Yunnan Arts University
- Motto: 务实、求新、尚美
- Motto in English: Pragmatism, Innovation, and Aesthetic Pursuit
- Type: Public
- Established: 1959; 67 years ago
- Academic affiliations: China-ASEAN Art Universities Alliance, China-Russia Art Universities Alliance, China-CEEC Dance Culture and Arts Alliance, China Higher Drama Education Alliance, China Stage Art Education Alliance, Chinese Government Scholarship Recipient Institution for International Students, National Cultural Quality Education Base for University Students, and Accredited Social Art Level Evaluation Institution.
- Location: Kunming, Yunnan, China
- Campus: 62 hectares (150 acres); Urban;
- Website: www.ynart.edu.cn

= Yunnan Arts University =

University in Kunming, China

Yunnan Arts University (YAU; 云南艺术学院; 云艺) is a provincial public higher education institution for the arts located in Kunming, Yunnan, China. It is approved by the Ministry of Education of the People's Republic of China and administered by the Yunnan Provincial People's Government. The university is one of the eight comprehensive higher art institutions in China.

== History ==
The history of Yunnan Arts University (YAU) can be traced back to 1938, originating from the Normal College and the Department of Cultural Affairs of the National Southwest Associated University. The main foundation of the university was established in 1959 as Yunnan Arts University. In 1963, Yunnan Arts University was dissolved, and its departments were incorporated into the Faculty of Arts at Kunming Normal College. In 1980, Yunnan Arts University regained its independence from Kunming Normal College, becoming an autonomous higher education institution.

== Scale ==
Yunnan Arts University (YAU) operates two campuses, Chenggong and Mayuan, with a combined area of over 930 mu (approximately 62.03 hectares). The university consists of 12 academic units and one affiliated arts school. It accommodates nearly 10,000 full-time students and has a faculty and staff body of 877 members. The total area of teaching and administrative facilities amounts to 258900 m2. The university library holds 1.0206 million printed books and 508,500 electronic journals.

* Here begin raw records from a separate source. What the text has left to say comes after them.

(* Let $k\ge1$ be an integer, $p_{\max}\in(0,1)$ and $\lambda_k>0$. Let items $X_i\sim\operatorname{Ber}(p_i,s_i)$ with $s_i\in\left(\frac{1}{k+1},\frac1k\right]$, $p_i\in(0,p_{\max}]$ and $\frac{1}{\lambda_k}\ln\frac{1}{1-p_i}\le1$ be packed, in order, by an Any-Fit algorithm applied to the real values $\frac{1}{\lambda_k}\ln\frac{1}{1-p_i}$ (bins of capacity 1), producing bins $\mathcal{B}_1,\dots,\mathcal{B}_m$ with $m\ge2$. Then $\frac1m\sum_{j=1}^m\sum_{i\in\mathcal{B}_j}p_is_i>\frac{\lambda_k(1-p_{\max})}{2(k+1)}$.
   Context: $X\sim\operatorname{Ber}(p,s)$ means $X=s$ with probability $p$ and $0$ otherwise. An Any-Fit algorithm processes real values in $[0,1]$ one by one, keeps every bin's total at most $1$, and opens a new bin only if the current value fits into no already opened bin. *)

From mathcomp Require Import all_boot all_order all_algebra.
From mathcomp Require Import all_classical all_reals all_analysis.
Set Implicit Arguments. Unset Strict Implicit. Unset Printing Implicit Defensive.
Import Order.TTheory GRing.Theory Num.Theory.
Local Open Scope ring_scope.

Section AnyFit.
Variable R : realType.

(* Items are indexed 0,1,2,...; item i has size v i and is put in bin a i
   (bins numbered 0,1,2,... in the order they are opened). *)

Definition load (v : nat -> R) (a : nat -> nat) (j i : nat) : R :=
  \sum_(l < i | a l == j) v l.

(* number of bins opened before item i is processed *)
Fixpoint nbins (a : nat -> nat) (i : nat) : nat :=
  match i with
  | 0 => 0
  | i'.+1 => if a i' == nbins a i' then (nbins a i').+1 else nbins a i'
  end.

(* a is a run of some Any-Fit algorithm on items 0..n-1 with sizes v:
   each item goes either into an already opened bin (index < nbins)
   or into a newly opened bin (index = nbins); the bin's total stays <= 1;
   and a new bin is opened only if the item fits into no opened bin. *)
Definition any_fit (v : nat -> R) (n : nat) (a : nat -> nat) : Prop :=
  forall i, (i < n)%N ->
    [/\ (a i <= nbins a i)%N,
        load v a (a i) i + v i <= 1 &
        (a i = nbins a i ->
           forall j, (j < nbins a i)%N -> 1 < load v a j i + v i)].

End AnyFit.

(* Any two opened bins together have load greater than 1: the item that opened
   the later bin did not fit into the earlier one.  Pairing the bins cyclically,
   the total load of m bins exceeds m/2.  Each item weighs
   p s >= (1 - pmax) ln (1/(1 - p)) / (k + 1), i.e. at least
   lam (1 - pmax) / (k + 1) times its size in the packing, so the average
   weight per bin exceeds lam (1 - pmax) / (2 (k + 1)). *)
From mathcomp Require Import all_boot all_order all_algebra.
From mathcomp Require Import all_classical all_reals all_analysis.
From mathcomp Require Import ring lra.
Import Order.TTheory GRing.Theory Num.Theory.
Local Open Scope ring_scope.

Section AnyFitLoads.
Context {R : realType} {v : nat -> R} {a : nat -> nat}.

Lemma loadS j i : load v a j i.+1 = load v a j i + (if a i == j then v i else 0).
Proof. by rewrite /load !(big_mkcond (fun l : 'I__ => a l == j)) big_ord_recr. Qed.

Context {n : nat}.
Hypothesis v_ge0 : forall i, (i < n)%N -> 0 <= v i.

Lemma load_ge0 j i : (i <= n)%N -> 0 <= load v a j i.
Proof.
by move=> le_in; apply: sumr_ge0 => l _; apply/v_ge0/(leq_trans (ltn_ord l)).
Qed.

Lemma load_le j {i i'} : (i <= i' <= n)%N -> load v a j i <= load v a j i'.
Proof.
case/andP=> + le_i'n; elim: i' le_i'n => [|i' IH] le_i'n.
  by rewrite leqn0 => /eqP->.
rewrite leq_eqVlt => /orP[/eqP-> //|]; rewrite ltnS => le_ii'.
rewrite loadS; apply: le_trans (IH (ltnW le_i'n) le_ii') _.
by rewrite lerDl; case: eqP => // _; apply: v_ge0.
Qed.

Lemma nbins_opened {j} : (j < nbins a n)%N ->
  exists2 i, (i < n)%N & a i = j /\ nbins a i = j.
Proof.
elim: n => [//|i IH] /=.
have widen i' : (i' < i)%N -> (i' < i.+1)%N by apply: ltnW.
case: eqP => [ai_new|_ /IH[i' /widen]]; last by exists i'.
rewrite ltnS leq_eqVlt => /orP[/eqP->|/IH[i' /widen]]; last by exists i'.
by exists i.
Qed.

Lemma any_fit_load_pair : any_fit v n a -> forall j j',
  (j < j')%N -> (j' < nbins a n)%N -> 1 < load v a j n + load v a j' n.
Proof.
move=> af j j' lt_jj' lt_j'm; have [i lt_in [ai_j' nbi_j']] := nbins_opened lt_j'm.
have [_ _ /(_ (etrans ai_j' (esym nbi_j')) j)] := af i lt_in.
rewrite nbi_j' => /(_ lt_jj') /lt_le_trans; apply; apply: lerD.
  by apply: load_le; rewrite (ltnW lt_in) leqnn.
have load_i_n : load v a j' i.+1 <= load v a j' n.
  by apply: load_le; rewrite lt_in leqnn.
apply: le_trans load_i_n.
by rewrite loadS ai_j' eqxx lerDr load_ge0 // ltnW.
Qed.

End AnyFitLoads.

Lemma pairwise_gt1_sum_gt {R : numDomainType} (L : nat -> R) {m} : (2 <= m)%N ->
  (forall j j', (j < j')%N -> (j' < m)%N -> 1 < L j + L j') ->
  m%:R < 2 * \sum_(j < m) L j.
Proof.
case: m => [//|m] lt1m L_gt1.
have -> : 2 * \sum_(j < m.+1) L j = \sum_(i < m) (L i + L i.+1) + (L 0%N + L m).
  rewrite big_split /= mulr_natl mulr2n {1}big_ord_recl big_ord_recr /=.
  by ring.
rewrite -addn1 natrD; apply: ler_ltD; last exact: L_gt1.
rewrite -[m in m%:R]card_ord -sumr_const; apply: ler_sum => i _.
by apply: ltW; apply: L_gt1; rewrite ltnS ?ltn_ord.
Qed.

Lemma ln_inv1B_ge0 {R : realType} {p : R} : 0 <= p < 1 -> 0 <= ln ((1 - p)^-1).
Proof. by move=> /andP[p_ge0 p_lt1]; apply: ln_ge0; rewrite invf_ge1; lra. Qed.

(* ln x <= x - 1 at x = 1/(1 - p) *)
Lemma mul1B_ln_inv1B_le {R : realType} {p : R} :
  0 <= p < 1 -> (1 - p) * ln ((1 - p)^-1) <= p.
Proof.
move=> /andP[p_ge0 p_lt1]; have q_gt0 : 0 < 1 - p by lra.
have -> : (1 - p)^-1 = 1 + p / (1 - p) by field; lra.
rewrite -ler_pdivlMl // [_^-1 * p]mulrC; apply: le_ln1Dx.
exact: lt_le_trans (ltrN10 R) (divr_ge0 p_ge0 (ltW q_gt0)).
Qed.

Lemma scaled_ln_inv1B_le_mul {R : realType} (K lam pmax p s : R) :
  0 < K -> 0 < lam -> 0 <= p <= pmax -> pmax < 1 -> K^-1 <= s ->
  lam * (1 - pmax) / K * (lam^-1 * ln ((1 - p)^-1)) <= p * s.
Proof.
move=> K_gt0 lam_gt0 /andP[p_ge0 p_le] pmax_lt1 s_ge.
have p01 : 0 <= p < 1 by apply/andP; split; lra.
have -> : lam * (1 - pmax) / K * (lam^-1 * ln ((1 - p)^-1)) =
    (1 - pmax) * ln ((1 - p)^-1) * K^-1 by field; rewrite !gt_eqF.
have ln_ge0 := ln_inv1B_ge0 p01.
apply: ler_pM => //.
- by rewrite mulr_ge0 // subr_ge0 ltW.
- by rewrite invr_ge0 ltW.
- apply: le_trans (mul1B_ln_inv1B_le p01).
  by apply: ler_wpM2r => //; lra.
Qed.

Lemma half_lt_mean {R : realFieldType} (c m X W : R) :
  0 < c -> 0 < m -> m < 2 * X -> c * X <= W -> c / 2 < m^-1 * W.
Proof.
move=> c_gt0 m_gt0 lt_m2X le_cXW.
rewrite -[c / 2](mulKf (lt0r_neq0 m_gt0)) ltr_pM2l ?invr_gt0 //.
apply: lt_le_trans le_cXW; rewrite mulrCA ltr_pM2l //; lra.
Qed.

Theorem lemma9 (R : realType) (k : nat) (pmax lam : R) (n : nat)
    (p s : nat -> R) (a : nat -> nat) :
  (1 <= k)%N ->
  0 < pmax < 1 ->
  0 < lam ->
  (forall i, (i < n)%N -> (k.+1%:R)^-1 < s i <= (k%:R)^-1) ->
  (forall i, (i < n)%N -> 0 < p i <= pmax) ->
  (forall i, (i < n)%N -> lam^-1 * ln ((1 - p i)^-1) <= 1) ->
  any_fit (fun i => lam^-1 * ln ((1 - p i)^-1)) n a ->
  (2 <= nbins a n)%N ->
  (nbins a n)%:R^-1 * (\sum_(j < nbins a n) \sum_(i < n | a i == j) p i * s i)
    > lam * (1 - pmax) / (2 * k.+1%:R).
Proof.
move=> _ /andP[pmax_gt0 pmax_lt1] lam_gt0 s_bnd p_bnd _ af le2m.
set v := fun i => lam^-1 * ln ((1 - p i)^-1).
set c := lam * (1 - pmax) / k.+1%:R.
have k1_gt0 : (0 : R) < k.+1%:R by rewrite ltr0n.
have p_bnd' i : (i < n)%N -> 0 <= p i <= pmax.
  by move=> /p_bnd/andP[/ltW -> ->].
have v_ge0 i : (i < n)%N -> 0 <= v i.
  move=> /p_bnd'/andP[p_ge0 p_le]; rewrite /v mulr_ge0 ?invr_ge0 ?(ltW lam_gt0) //.
  by apply: ln_inv1B_ge0; apply/andP; split; lra.
have weights_ge : c * \sum_(j < nbins a n) load v a j n <=
    \sum_(j < nbins a n) \sum_(i < n | a i == j) p i * s i.
  rewrite mulr_sumr; apply: ler_sum => j _; rewrite mulr_sumr.
  apply: ler_sum => i _; have lt_in := ltn_ord i.
  have /andP[/ltW s_ge _] := s_bnd i lt_in.
  exact: scaled_ln_inv1B_le_mul (p_bnd' i lt_in) pmax_lt1 s_ge.
have -> : lam * (1 - pmax) / (2 * k.+1%:R) = c / 2.
  by rewrite /c; field; rewrite gt_eqF.
apply: half_lt_mean weights_ge.
- by rewrite /c !(divr_gt0, mulr_gt0) // subr_gt0.
- by rewrite ltr0n (leq_trans _ le2m).
- exact: pairwise_gt1_sum_gt le2m (any_fit_load_pair v_ge0 af).
Qed.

== Academic Departments ==
Source:

=== Teaching Units ===

- School of Music
- School of Fine Arts
- School of Design
- School of Drama
- School of Dance
- School of Film and Television
- School of Arts Management
- College of Vocational and Continuing Education
- School of Marxism
- Department of General Education
- Department of Physical Education
- Institute of Ethnic Arts
- School of Aesthetic Education
- International College
- School of Modern Industries
- Affiliated Arts School

=== Auxiliary Teaching and Research Institutions ===

- Development Research Center
- Journal Editorial Office
- Library
- Archives
- Arts Practice Center
- Teaching Evaluation and Quality Assurance Center
- University History Museum and Ethnic Arts Museum

== Academic Disciplines ==

- Two primary disciplines: Arts and Design
- Five professional categories: Music, Dance, Drama and Film, Fine Arts and Calligraphy, and Design

== Ranking and Reputation ==
Yunnan Arts University (YAU) is one of the 30 independently established art universities in China and is among the eight comprehensive higher art institutions in the country.

According to the 2024 Best Chinese Majors Ranking (BCMR) by Shanghai Ranking, YAU’s programmes in Drama Studies, Dance Performance, and Intangible Cultural Heritage Protection are ranked third nationally.

In terms of research, YAU currently undertakes three major projects funded by the National Social Science Foundation of China and has been awarded 12 projects under the National Social Science Foundation for Arts, ranking second nationwide among higher education institutions.